■ Dataset entries
--- START ---
(* Let $(M,\rho)$ be a complete metric space, let $f:M\to\mathbb{R}\cup\{+\infty\}$ be proper, lower semicontinuous and bounded below, and let $g:M\to\mathbb{R}\cup\{+\infty\}$ be lower semicontinuous. Assume that for every $x\in\operatorname{dom}|\widetilde\nabla f|$ we have $x\in\operatorname{dom} g$ and $|\widetilde\nabla g|(x)\le|\widetilde\nabla f|(x)$. Then for every $\varepsilon>0$, every $x_0\in\operatorname{dom}|\widetilde\nabla f|$ and every $r\in(0,1)$ there exists $x\in\varepsilon\operatorname{Crit} f$ such that $$f(x)\le f(x_0)-\varepsilon\rho(x,x_0)\quad\text{and}\quad f(x_0)-rg(x_0)\ge f(x)-rg(x).$$ Moreover, for every $\varepsilon>0$ and $r\in(0,1)$, $$\inf_{x\in\operatorname{dom} f}(f(x)-rg(x))=\inf_{x\in\varepsilon\operatorname{Crit} f}(f(x)-rg(x)).$$
   Context: $\operatorname{dom} f:=\{x:f(x)<+\infty\}$; on $\operatorname{dom} f$, $f(x)-rg(x)=-\infty$ if $g(x)=+\infty$. $[t]^+:=\max\{0,t\}$ (with $[f(x)-f(y)]^+:=0$ if $f(y)=+\infty$). For $x\in\operatorname{dom} f$, the global slope is $|\widetilde\nabla f|(x):=\sup_{y\neq x}\frac{[f(x)-f(y)]^+}{\rho(x,y)}\in[0,+\infty]$, and $\operatorname{dom}|\widetilde\nabla f|:=\{x\in\operatorname{dom} f:\ |\widetilde\nabla f|(x)<+\infty\}$. For $\varepsilon\ge0$, $\varepsilon\operatorname{Crit} f:=\{x\in\operatorname{dom} f:\ |\widetilde\nabla f|(x)\le\varepsilon\}$. *)

From HB Require Import structures.
From mathcomp Require Import all_boot all_order all_algebra.
From mathcomp Require Import all_classical all_reals.
From mathcomp Require Import ereal.
Set Implicit Arguments. Unset Strict Implicit. Unset Printing Implicit Defensive.
Import Order.TTheory GRing.Theory Num.Theory.
Local Open Scope classical_set_scope.
Local Open Scope ring_scope.

Section Defs.
Variables (R : realType) (M : Type).

Definition is_metric (d : M -> M -> R) : Prop :=
  (forall x y, 0 <= d x y) /\
  (forall x y, d x y = 0 <-> x = y) /\
  (forall x y, d x y = d y x) /\
  (forall x y z, d x z <= d x y + d y z).

Definition metric_cauchy (d : M -> M -> R) (u : nat -> M) : Prop :=
  forall e : R, 0 < e -> exists N : nat, forall m n : nat,
    (N <= m)%N -> (N <= n)%N -> d (u m) (u n) < e.

Definition metric_converges (d : M -> M -> R) (u : nat -> M) (x : M) : Prop :=
  forall e : R, 0 < e -> exists N : nat, forall n : nat, (N <= n)%N -> d (u n) x < e.

Definition metric_complete (d : M -> M -> R) : Prop :=
  forall u : nat -> M, metric_cauchy d u -> exists x, metric_converges d u x.

Definition metric_lsc (d : M -> M -> R) (f : M -> \bar R) : Prop :=
  forall x (t : R), (t%:E < f x)%E ->
    exists2 delta : R, 0 < delta & forall y, d x y < delta -> (t%:E < f y)%E.

(** f takes values in R ∪ {+oo}. *)
Definition no_minfty (f : M -> \bar R) : Prop := forall x, f x <> -oo%E.

Definition edom (f : M -> \bar R) : set M := [set x | (f x < +oo)%E].

Definition proper_fun (f : M -> \bar R) : Prop := exists x, (f x < +oo)%E.

Definition bounded_below (f : M -> \bar R) : Prop :=
  exists m : R, forall x, (m%:E <= f x)%E.

(** [f x - f y]^+, with the convention [f x - f y]^+ = 0 if f y = +oo. *)
Definition posdiff (f : M -> \bar R) (x y : M) : \bar R :=
  match f x, f y with
  | EFin s, EFin t => (Num.max 0 (s - t))%:E
  | +oo%E, EFin _ => +oo%E
  | _, _ => 0%E
  end.

(** Global slope |~grad f|(x) = sup_{y <> x} [f x - f y]^+ / d x y, in [0,+oo].
    (0 is included in the supremum so that the value lies in [0,+oo] also
    when M = {x}; it does not change the value otherwise.) *)
Definition gslope (d : M -> M -> R) (f : M -> \bar R) (x : M) : \bar R :=
  ereal_sup ([set 0%E] `|`
    [set (posdiff f x y * ((d x y)^-1)%:E)%E | y in [set y | y <> x]]).

Definition dom_gslope (d : M -> M -> R) (f : M -> \bar R) : set M :=
  [set x | (f x < +oo)%E /\ (gslope d f x < +oo)%E].

Definition eCrit (d : M -> M -> R) (eps : R) (f : M -> \bar R) : set M :=
  [set x | (f x < +oo)%E /\ (gslope d f x <= eps%:E)%E].

End Defs.

From HB Require Import structures.
From mathcomp Require Import all_boot all_order all_algebra.
From mathcomp Require Import all_classical all_reals.
From mathcomp Require Import ereal.
From mathcomp Require Import lra.
Import Order.TTheory GRing.Theory Num.Theory.
Local Open Scope classical_set_scope.
Local Open Scope ring_scope.
Lemma cpoly_mult (a b : nat -> C) l z :
  (forall k, (l < k)%nat -> a k = 0) -> (forall k, (l < k)%nat -> b k = 0) ->
  cpoly a l z * cpoly b l z = sum_n (fun k => conv a b k * Cpow z k) (2 * l).
Proof.
  intros Ha Hb. rewrite sum_conv_eq.
  rewrite (sum_n_C_ext _ (fun j => cpoly b l z * (a j * Cpow z j))).
  - rewrite sum_n_C_mult_l. fold (cpoly a (2 * l) z).
    rewrite (cpoly_trunc a l (2 * l)) by (auto; lia). ring.
  - intros k Hk. destruct (Compare_dec.le_lt_dec k l).
    + rewrite (cpoly_trunc b l) by (auto; lia). ring.
    + rewrite Ha by lia. ring.
Qed.

Lemma Ceq_of_lin_comb (x y u v w : C) : u = v -> x - y = w * (u - v) -> x = y.
Proof. intros -> E. apply Ceq_minus. rewrite E. ring. Qed.

Lemma Ceq_of_lin_comb2 (x y u1 v1 u2 v2 w1 w2 : C) : u1 = v1 -> u2 = v2 ->
  x - y = w1 * (u1 - v1) + w2 * (u2 - v2) -> x = y.
Proof. intros -> -> E. apply Ceq_minus. rewrite E. ring. Qed.

(* The real factor of [pcoef]: the coefficients of the reverse Bessel polynomial. *)
Definition rbessel_coef (l n : nat) : R :=
  (INR (Factorial.fact (2 * l - n)) /
     (2 ^ (l - n) * INR (Factorial.fact (l - n)) * INR (Factorial.fact n)))%R.
(* On $\mathbb{R}^3$ with coordinates $(x,y,z)$ (the Heisenberg group $H_3$), let $\theta^1 = x\,dy + dz$, $\theta^2 = dy$, $\theta^3 = dx$. For arbitrary positive constants $A,B,C$, consider the left-invariant Lorentzian metric $$g = A\,(\theta^1)^2 + B\,(\theta^2)^2 - C\,(\theta^3)^2 .$$ Then there exist a smooth vector field $X$ on $\mathbb{R}^3$ and a constant $\alpha<0$ such that $$2\,\mathrm{Ric}[g] + L_X g + \alpha\, g = 0 .$$ That is, every such metric is a shrinking Lorentzian Ricci soliton.
   Context: $L_X$ denotes the Lie derivative along $X$. A Ricci soliton with $\alpha<0$ in the equation $2\,\mathrm{Ric}[g] + L_X g + \alpha g = 0$ is called shrinking. *)

From Stdlib Require Import Reals Lra Classical ClassicalEpsilon.
Open Scope R_scope.

(** Points of R^3 = H_3, coordinates (x,y,z) indexed 0,1,2. *)
Definition pt : Type := (R * R * R)%type.

Definition coord (p : pt) (i : nat) : R :=
  match p with (x, y, z) =>
    match i with 0%nat => x | 1%nat => y | _ => z end end.

Definition shift (p : pt) (i : nat) (h : R) : pt :=
  match p with (x, y, z) =>
    match i with 0%nat => (x + h, y, z) | 1%nat => (x, y + h, z)
            | _ => (x, y, z + h) end end.

Definition has_pd (f : pt -> R) (i : nat) (p : pt) (l : R) : Prop :=
  derivable_pt_lim (fun t => f (shift p i t)) 0 l.

(** The partial derivative (the true one whenever it exists; 0 otherwise). *)
Definition pd (f : pt -> R) (i : nat) (p : pt) : R :=
  match excluded_middle_informative (exists l, has_pd f i p l) with
  | left H => proj1_sig (constructive_indefinite_description _ H)
  | right _ => 0
  end.

Definition cont_at (f : pt -> R) (p : pt) : Prop :=
  forall eps, 0 < eps -> exists delta, 0 < delta /\
    forall q, Rabs (coord q 0 - coord p 0) < delta ->
              Rabs (coord q 1 - coord p 1) < delta ->
              Rabs (coord q 2 - coord p 2) < delta ->
              Rabs (f q - f p) < eps.

Fixpoint iter_pd (l : list nat) (f : pt -> R) : pt -> R :=
  match l with
  | nil => f
  | cons i l' => pd (iter_pd l' f) i
  end.

Definition smooth (f : pt -> R) : Prop :=
  forall (l : list nat) (p : pt),
    cont_at (iter_pd l f) p /\
    forall i, (i < 3)%nat -> exists d, has_pd (iter_pd l f) i p d.

Definition sum3 (f : nat -> R) : R := f 0%nat + f 1%nat + f 2%nat.

Definition covec := nat -> pt -> R.
Definition tensor2 := nat -> nat -> pt -> R.
Definition vfield := nat -> pt -> R.

Definition theta1 : covec := fun i p =>
  match i with 0%nat => 0 | 1%nat => coord p 0 | 2%nat => 1 | _ => 0 end.
Definition theta2 : covec := fun i p =>
  match i with 1%nat => 1 | _ => 0 end.
Definition theta3 : covec := fun i p =>
  match i with 0%nat => 1 | _ => 0 end.

Definition heis_metric (A B C : R) : tensor2 := fun i j p =>
  A * theta1 i p * theta1 j p + B * theta2 i p * theta2 j p
  - C * theta3 i p * theta3 j p.

(** Inverse of a 3x3 metric via the adjugate (indices mod 3). *)
Definition m3 (k : nat) : nat := Nat.modulo k 3.

Definition det3 (g : tensor2) (p : pt) : R :=
  sum3 (fun j => g 0%nat j p *
    (g 1%nat (m3 (j+1)) p * g 2%nat (m3 (j+2)) p
     - g 1%nat (m3 (j+2)) p * g 2%nat (m3 (j+1)) p)).

Definition inv_metric (g : tensor2) : tensor2 := fun i j p =>
  (g (m3 (j+1)) (m3 (i+1)) p * g (m3 (j+2)) (m3 (i+2)) p
   - g (m3 (j+1)) (m3 (i+2)) p * g (m3 (j+2)) (m3 (i+1)) p) / det3 g p.

Definition christoffel (g : tensor2) (k i j : nat) (p : pt) : R :=
  / 2 * sum3 (fun l => inv_metric g k l p *
     (pd (g j l) i p + pd (g i l) j p - pd (g i j) l p)).

Definition ricci (g : tensor2) : tensor2 := fun i j p =>
  sum3 (fun k =>
    pd (christoffel g k i j) k p - pd (christoffel g k i k) j p
    + sum3 (fun l => christoffel g k k l p * christoffel g l i j p
                    - christoffel g k j l p * christoffel g l i k p)).

Definition lie_deriv (X : vfield) (g : tensor2) : tensor2 := fun i j p =>
  sum3 (fun k => X k p * pd (g i j) k p
                 + g k j p * pd (X k) i p + g i k p * pd (X k) j p).

(* In the coordinates (x, y, z) every component of g is a
   polynomial of degree at most 2 in x alone, and so are the Christoffel
   symbols: det g = -ABC is constant, so the inverse metric is again
   polynomial in x, and the Christoffel symbols turn out to be affine in x.
   Hence every partial derivative occurring in Ric[g] is the derivative of
   a polynomial a + b x + c x^2, computed once and for all in
   [pd_quadratic].  With K = A / (B C), the linear vector field
   X = K (x d/dx + y d/dy + 2 z d/dz) and alpha = -3K satisfy
   2 Ric[g] + L_X g + alpha g = 0: once all derivatives are evaluated this
   is a rational identity in A, B, C, x for each of the nine index pairs.
   The components of X are affine functions, which are smooth
   ([affine_smooth]). *)

From Stdlib Require Import Reals Lra Lia FunctionalExtensionality ClassicalEpsilon.
Open Scope R_scope.

Lemma pd_unique f i p l : has_pd f i p l -> pd f i p = l.
Proof.
  intros Hl. unfold pd. destruct excluded_middle_informative as [Hex | Hnex].
  - destruct constructive_indefinite_description as [l' Hl']; simpl.
    exact (uniqueness_limite _ _ _ _ Hl' Hl).
  - exfalso; apply Hnex; eauto.
Qed.

Lemma derivable_pt_lim_quadratic f u v w t0 l :
  (forall t, f t = u + v * t + w * t * t) -> l = v + 2 * w * t0 ->
  derivable_pt_lim f t0 l.
Proof.
  intros Hf ->. replace f with (fun t => u + v * t + w * t * t)
    by (extensionality t; now rewrite Hf).
  pose proof (derivable_pt_lim_plus _ _ t0 _ _
    (derivable_pt_lim_plus _ _ t0 _ _ (derivable_pt_lim_const u t0)
       (derivable_pt_lim_scal _ v t0 _ (derivable_pt_lim_id t0)))
    (derivable_pt_lim_mult _ _ t0 _ _
       (derivable_pt_lim_scal _ w t0 _ (derivable_pt_lim_id t0))
       (derivable_pt_lim_id t0))) as H.
  unfold plus_fct, mult_fct, mult_real_fct, fct_cte, id in H.
  replace (v + 2 * w * t0) with (0 + v * 1 + (w * 1 * t0 + w * t0 * 1)) by ring.
  exact H.
Qed.

Lemma has_pd_of_affine_line f i p u v :
  (forall t, f (shift p i t) = u + v * t) -> has_pd f i p v.
Proof.
  intros Hf. unfold has_pd.
  apply (derivable_pt_lim_quadratic _ u v 0); [intros t; rewrite Hf | ]; ring.
Qed.

Definition quadratic (abc : R * R * R) (p : pt) : R :=
  let '(a, b, c) := abc in a + b * coord p 0 + c * coord p 0 * coord p 0.

Definition quadratic_dx (abc : R * R * R) (p : pt) : R :=
  let '(a, b, c) := abc in b + 2 * c * coord p 0.

Lemma pd_quadratic abc m p :
  pd (quadratic abc) m p = match m with 0%nat => quadratic_dx abc p | _ => 0 end.
Proof.
  apply pd_unique. destruct abc as [[a b] c], p as [[x y] z].
  destruct m as [|[|m]].
  - unfold has_pd; simpl.
    apply (derivable_pt_lim_quadratic _ (a + b * x + c * x * x) (b + 2 * c * x) c);
      [intros t; simpl |]; ring.
  - apply (has_pd_of_affine_line _ _ _ (a + b * x + c * x * x)); intros t; simpl; ring.
  - apply (has_pd_of_affine_line _ _ _ (a + b * x + c * x * x)); intros t; simpl; ring.
Qed.

Definition affine (a b c d : R) (p : pt) : R :=
  a * coord p 0 + b * coord p 1 + c * coord p 2 + d.

Definition affine_slope (a b c : R) (m : nat) : R :=
  match m with 0%nat => a | 1%nat => b | _ => c end.

Lemma has_pd_affine a b c d m p :
  has_pd (affine a b c d) m p (affine_slope a b c m).
Proof.
  apply (has_pd_of_affine_line _ _ _ (affine a b c d p)).
  destruct p as [[x y] z]; destruct m as [|[|m]]; intros t; unfold affine; simpl; ring.
Qed.

Lemma pd_affine a b c d m p : pd (affine a b c d) m p = affine_slope a b c m.
Proof. apply pd_unique, has_pd_affine. Qed.

(* Affine functions are Lipschitz in the sup-norm, hence continuous. *)
Lemma affine_cont a b c d p : cont_at (affine a b c d) p.
Proof.
  intros eps Heps.
  set (M := Rabs a + Rabs b + Rabs c + 1).
  assert (HM : 0 < M)
    by (unfold M; pose proof (Rabs_pos a); pose proof (Rabs_pos b);
        pose proof (Rabs_pos c); lra).
  exists (eps / M); split; [apply Rdiv_lt_0_compat; lra|].
  intros q H0 H1 H2.
  assert (Hdiff : affine a b c d q - affine a b c d p =
    a * (coord q 0 - coord p 0) + b * (coord q 1 - coord p 1)
    + c * (coord q 2 - coord p 2)) by (unfold affine; ring).
  assert (Hbound : forall k u, Rabs u < eps / M -> Rabs (k * u) <= Rabs k * (eps / M)).
  { intros k u Hu. rewrite Rabs_mult.
    apply Rmult_le_compat_l; [apply Rabs_pos | lra]. }
  rewrite Hdiff.
  eapply Rle_lt_trans; [apply Rabs_triang|].
  eapply Rle_lt_trans;
    [apply Rplus_le_compat; [apply Rabs_triang | apply (Hbound c _ H2)]|].
  pose proof (Hbound a _ H0); pose proof (Hbound b _ H1).
  assert (0 < eps / M) by (apply Rdiv_lt_0_compat; lra).
  assert (Heq : eps = Rabs a * (eps / M) + Rabs b * (eps / M) + Rabs c * (eps / M)
                      + eps / M) by (unfold M in *; field; lra).
  lra.
Qed.

Lemma iter_pd_affine a b c d l :
  exists a' b' c' d', iter_pd l (affine a b c d) = affine a' b' c' d'.
Proof.
  induction l as [|i l IH]; simpl; [eauto|].
  destruct IH as (a' & b' & c' & d' & ->).
  exists 0, 0, 0, (affine_slope a' b' c' i).
  extensionality q. rewrite pd_affine. unfold affine; ring.
Qed.

Lemma affine_smooth a b c d : smooth (affine a b c d).
Proof.
  intros l p. destruct (iter_pd_affine a b c d l) as (a' & b' & c' & d' & ->).
  split; [apply affine_cont|].
  intros i _. eexists; apply has_pd_affine.
Qed.

Definition soliton_field (K : R) : vfield := fun k =>
  match k with
  | O => affine K 0 0 0
  | S O => affine 0 K 0 0
  | _ => affine 0 0 (2 * K) 0
  end.

Section HeisenbergMetric.

Variables A B C : R.
Hypotheses (hA : 0 < A) (hB : 0 < B) (hC : 0 < C).

Definition metric_coeffs (i j : nat) : R * R * R :=
  match i, j with
  | O, O => (-C, 0, 0)
  | S O, S O => (B, 0, A)
  | S O, S (S O) | S (S O), S O => (0, A, 0)
  | S (S O), S (S O) => (A, 0, 0)
  | _, _ => (0, 0, 0)
  end.

Lemma heis_metric_quadratic i j :
  heis_metric A B C i j = quadratic (metric_coeffs i j).
Proof.
  extensionality p. unfold heis_metric, theta1, theta2, theta3.
  destruct i as [|[|[|i]]], j as [|[|[|j]]]; simpl; ring.
Qed.

Lemma det_heis_metric p : det3 (heis_metric A B C) p = - (A * B * C).
Proof.
  unfold det3, sum3, m3; simpl. rewrite !heis_metric_quadratic; simpl. ring.
Qed.

Definition christoffel_coeffs (k i j : nat) : R * R * R :=
  match k, i, j with
  | O, S O, S O => (0, A / C, 0)
  | O, S O, S (S O) | O, S (S O), S O => (A / (2 * C), 0, 0)
  | S O, O, S O | S O, S O, O => (0, A / (2 * B), 0)
  | S O, O, S (S O) | S O, S (S O), O => (A / (2 * B), 0, 0)
  | S (S O), O, S O | S (S O), S O, O => (/ 2, 0, - A / (2 * B))
  | S (S O), O, S (S O) | S (S O), S (S O), O => (0, - A / (2 * B), 0)
  | _, _, _ => (0, 0, 0)
  end.

Lemma christoffel_heis k i j : (k < 3)%nat -> (i < 3)%nat -> (j < 3)%nat ->
  christoffel (heis_metric A B C) k i j = quadratic (christoffel_coeffs k i j).
Proof.
  intros hk hi hj. extensionality p.
  unfold christoffel, inv_metric, sum3, m3. rewrite !det_heis_metric.
  rewrite !heis_metric_quadratic, !pd_quadratic.
  destruct k as [|[|[|k]]]; try lia; destruct i as [|[|[|i]]]; try lia;
    destruct j as [|[|[|j]]]; try lia; simpl; field; lra.
Qed.

Lemma heis_soliton_equation i j p : (i < 3)%nat -> (j < 3)%nat ->
  2 * ricci (heis_metric A B C) i j p
  + lie_deriv (soliton_field (A / (B * C))) (heis_metric A B C) i j p
  + (-3 * (A / (B * C))) * heis_metric A B C i j p = 0.
Proof.
  intros hi hj. unfold ricci, lie_deriv, sum3.
  rewrite !christoffel_heis by lia.
  rewrite !heis_metric_quadratic, !pd_quadratic.
  unfold soliton_field; rewrite !pd_affine.
  destruct i as [|[|[|i]]]; try lia; destruct j as [|[|[|j]]]; try lia;
    destruct p as [[x y] z]; unfold affine; simpl; field; lra.
Qed.

End HeisenbergMetric.

Theorem mainTheorem2 (A B C : R) (hA : 0 < A) (hB : 0 < B) (hC : 0 < C) :
  exists (X : vfield) (alpha : R),
    (forall k, (k < 3)%nat -> smooth (X k)) /\
    alpha < 0 /\
    forall (i j : nat) (p : pt), (i < 3)%nat -> (j < 3)%nat ->
      2 * ricci (heis_metric A B C) i j p
      + lie_deriv X (heis_metric A B C) i j p
      + alpha * heis_metric A B C i j p = 0.
Proof.
  assert (HK : 0 < A / (B * C)) by (apply Rdiv_lt_0_compat; nra).
  exists (soliton_field (A / (B * C))), (-3 * (A / (B * C))).
  split; [|split].
  - intros [|[|k]] _; apply affine_smooth.
  - lra.
  - intros i j p hi hj. now apply heis_soliton_equation.
Qed.
Lemma spine_tree_rooted sh : shape_ok sh -> is_rooted_tree (spine_tree sh).
Proof.
move=> sh_ok; apply/andP; split; last first.
  apply/forallP => v; apply/eqP/iter_parent_increasing => v' w.
  exact: spine_tree_increasing.
apply/existsP; exists ord_max; apply/forallP => -[v v_lt]; rewrite ffunE -val_eqE /=.
case: ifP => [v_lt4 | v_ge4]; last case: ifP => [v_succ | v_last].
- by rewrite (_ : v == n0.+4 = false) //; apply/eqP; lia.
- by rewrite (_ : v == n0.+4 = false) //; apply/eqP; lia.
- by rewrite (_ : v == n0.+4 = true) //; apply/eqP; lia.
Qed.

Definition bottom k (f : {ffun 'I_N -> 'I_k}) (i : nat) : nat := f (inord i).

Definition spine_increasing_from k (v0 : nat) (f : {ffun 'I_N -> 'I_k}) : bool :=
  [forall u : 'I_N, ((v0 <= u) && (u.+1 < N)) ==> (f u < f (inord u.+1))].

(* When [n0 = 0] there is no vertex 5, and [inord 5] would be a junk vertex. *)
Definition bottom_below_vertex5 k (f : {ffun 'I_N -> 'I_k}) : bool :=
  (5 < N) ==> [forall u : 'I_N, (u < 5) ==> (f u < f (inord 5))].

Lemma is_Tpartition_spine_tree sh k (f : {ffun 'I_N -> 'I_k}) : shape_ok sh ->
  is_Tpartition (spine_tree sh) f = shape_partition sh (bottom f) && spine_increasing_from 4 f.
Proof.
move=> sh_ok; rewrite is_TpartitionE; apply/forallP/andP => [f_part | []].
  split.
    apply/allP => u; rewrite mem_iota => /andP[_ u_lt].
    by have := f_part (inord u); rewrite ffunE inordK ?u_lt //; lia.
  apply/forallP => u; apply/implyP => /andP[u_ge u_succ].
  by have := f_part u; rewrite ffunE ltnNge u_ge /= u_succ.
move=> /allP bottom_part /forallP spine_incr u; rewrite ffunE; case: ifP => [u_lt | u_ge].
  by have := bottom_part u; rewrite mem_iota u_lt /= => /(_ isT); rewrite /bottom inord_val.
by case: ifP => // u_succ; have := spine_incr u; rewrite u_succ andbT leqNgt u_ge.
Qed.

Lemma spine_increasing_from4 sh k (f : {ffun 'I_N -> 'I_k}) : shape_ok sh ->
  shape_partition sh (bottom f) ->
  spine_increasing_from 4 f = bottom_below_vertex5 f && spine_increasing_from 5 f.
Proof.
move=> sh_ok f_part; have lt_top := shape_partition_lt_top sh_ok f_part.
apply/idP/andP => [/forallP incr4 | [/implyP below5 /forallP incr5]].
  split; last first.
    by apply/forallP => u; apply/implyP => /andP[u_ge u_succ]; apply: (implyP (incr4 u)); lia.
  apply/implyP => N_gt5; apply/forallP => u; apply/implyP => u_lt.
  have f4_lt : f (inord 4) < f (inord 5) by have := incr4 (inord 4); rewrite inordK // N_gt5.
  case: (ltnP u 4) => [u_lt4 | u_ge4].
    by apply: ltn_trans f4_lt; have := lt_top u u_lt4; rewrite /bottom inord_val.
  by rewrite (_ : u = inord 4) //; apply/val_inj; rewrite /= inordK; lia.
apply/forallP => u; apply/implyP => /andP[u_ge u_succ].
case: (ltnP u 5) => [u_lt | u_ge5]; last by apply: (implyP (incr5 u)); rewrite u_ge5.
have u4 : (u : nat) = 4 by lia.
by rewrite u4; have := forallP (below5 _) u; rewrite u_lt; apply; lia.
Qed.

Definition has_content (m : seq nat) (f : {ffun 'I_N -> 'I_(size m)}) : bool :=
  [forall i : 'I_(size m), #|[set u : 'I_N | f u == i]| == nth 0 m i].

Definition spine_weight (m : seq nat) (f : {ffun 'I_N -> 'I_(size m)}) : nat :=
  [&& bottom_below_vertex5 f, spine_increasing_from 5 f & has_content f].

Lemma coefF_spine_tree sh m : shape_ok sh ->
  coefF (spine_tree sh) m =
  \sum_(f : {ffun 'I_N -> 'I_(size m)}) spine_weight f * shape_partition sh (bottom f).
Proof.
move=> sh_ok; rewrite /coefF -sum1dep_card big_mkcond /=; apply: eq_bigr => f _.
rewrite is_Tpartition_spine_tree //; case f_part: (shape_partition sh (bottom f)).
  by rewrite (spine_increasing_from4 sh_ok f_part) /= -andbA muln1.
by rewrite /= muln0.
Qed.

Definition extend5 (s : {perm 'I_5}) (v : 'I_N) : 'I_N :=
  if v < 5 then inord (s (inord v)) else v.

Lemma extend5_lt5 s v : (extend5 s v < 5) = (v < 5).
Proof.
rewrite /extend5; case: ifP => // v_lt.
by rewrite inordK ?ltn_ord //; have := ltn_ord (s (inord v)); lia.
Qed.

Lemma extend5_inj s : injective (extend5 s).
Proof.
have lt_N (x : 'I_5) : x < N by have := ltn_ord x; lia.
move=> v w; rewrite /extend5; case: (ltnP v 5) => v_lt; case: (ltnP w 5) => w_lt //.
- move=> /(congr1 val) /=; rewrite !inordK ?lt_N // => /val_inj /perm_inj /(congr1 val).
  by rewrite /= !inordK // => /val_inj.
- by move=> /(congr1 val) /=; rewrite inordK ?lt_N //; have := ltn_ord (s (inord v)); lia.
- by move=> /(congr1 val) /=; rewrite inordK ?lt_N //; have := ltn_ord (s (inord w)); lia.
Qed.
--- END ---
■ Required action
Give again, word for word, every line of the listing above from the one with "by case: ifP" to the one with "coefF (spine_tree sh)", both inclusive, and nothing beyond them.

■ Completed task
by case: ifP => // u_succ; have := spine_incr u; rewrite u_succ andbT leqNgt u_ge.
Qed.

Lemma spine_increasing_from4 sh k (f : {ffun 'I_N -> 'I_k}) : shape_ok sh ->
  shape_partition sh (bottom f) ->
  spine_increasing_from 4 f = bottom_below_vertex5 f && spine_increasing_from 5 f.
Proof.
move=> sh_ok f_part; have lt_top := shape_partition_lt_top sh_ok f_part.
apply/idP/andP => [/forallP incr4 | [/implyP below5 /forallP incr5]].
  split; last first.
    by apply/forallP => u; apply/implyP => /andP[u_ge u_succ]; apply: (implyP (incr4 u)); lia.
  apply/implyP => N_gt5; apply/forallP => u; apply/implyP => u_lt.
  have f4_lt : f (inord 4) < f (inord 5) by have := incr4 (inord 4); rewrite inordK // N_gt5.
  case: (ltnP u 4) => [u_lt4 | u_ge4].
    by apply: ltn_trans f4_lt; have := lt_top u u_lt4; rewrite /bottom inord_val.
  by rewrite (_ : u = inord 4) //; apply/val_inj; rewrite /= inordK; lia.
apply/forallP => u; apply/implyP => /andP[u_ge u_succ].
case: (ltnP u 5) => [u_lt | u_ge5]; last by apply: (implyP (incr5 u)); rewrite u_ge5.
have u4 : (u : nat) = 4 by lia.
by rewrite u4; have := forallP (below5 _) u; rewrite u_lt; apply; lia.
Qed.

Definition has_content (m : seq nat) (f : {ffun 'I_N -> 'I_(size m)}) : bool :=
  [forall i : 'I_(size m), #|[set u : 'I_N | f u == i]| == nth 0 m i].

Definition spine_weight (m : seq nat) (f : {ffun 'I_N -> 'I_(size m)}) : nat :=
  [&& bottom_below_vertex5 f, spine_increasing_from 5 f & has_content f].

Lemma coefF_spine_tree sh m : shape_ok sh ->
  coefF (spine_tree sh) m =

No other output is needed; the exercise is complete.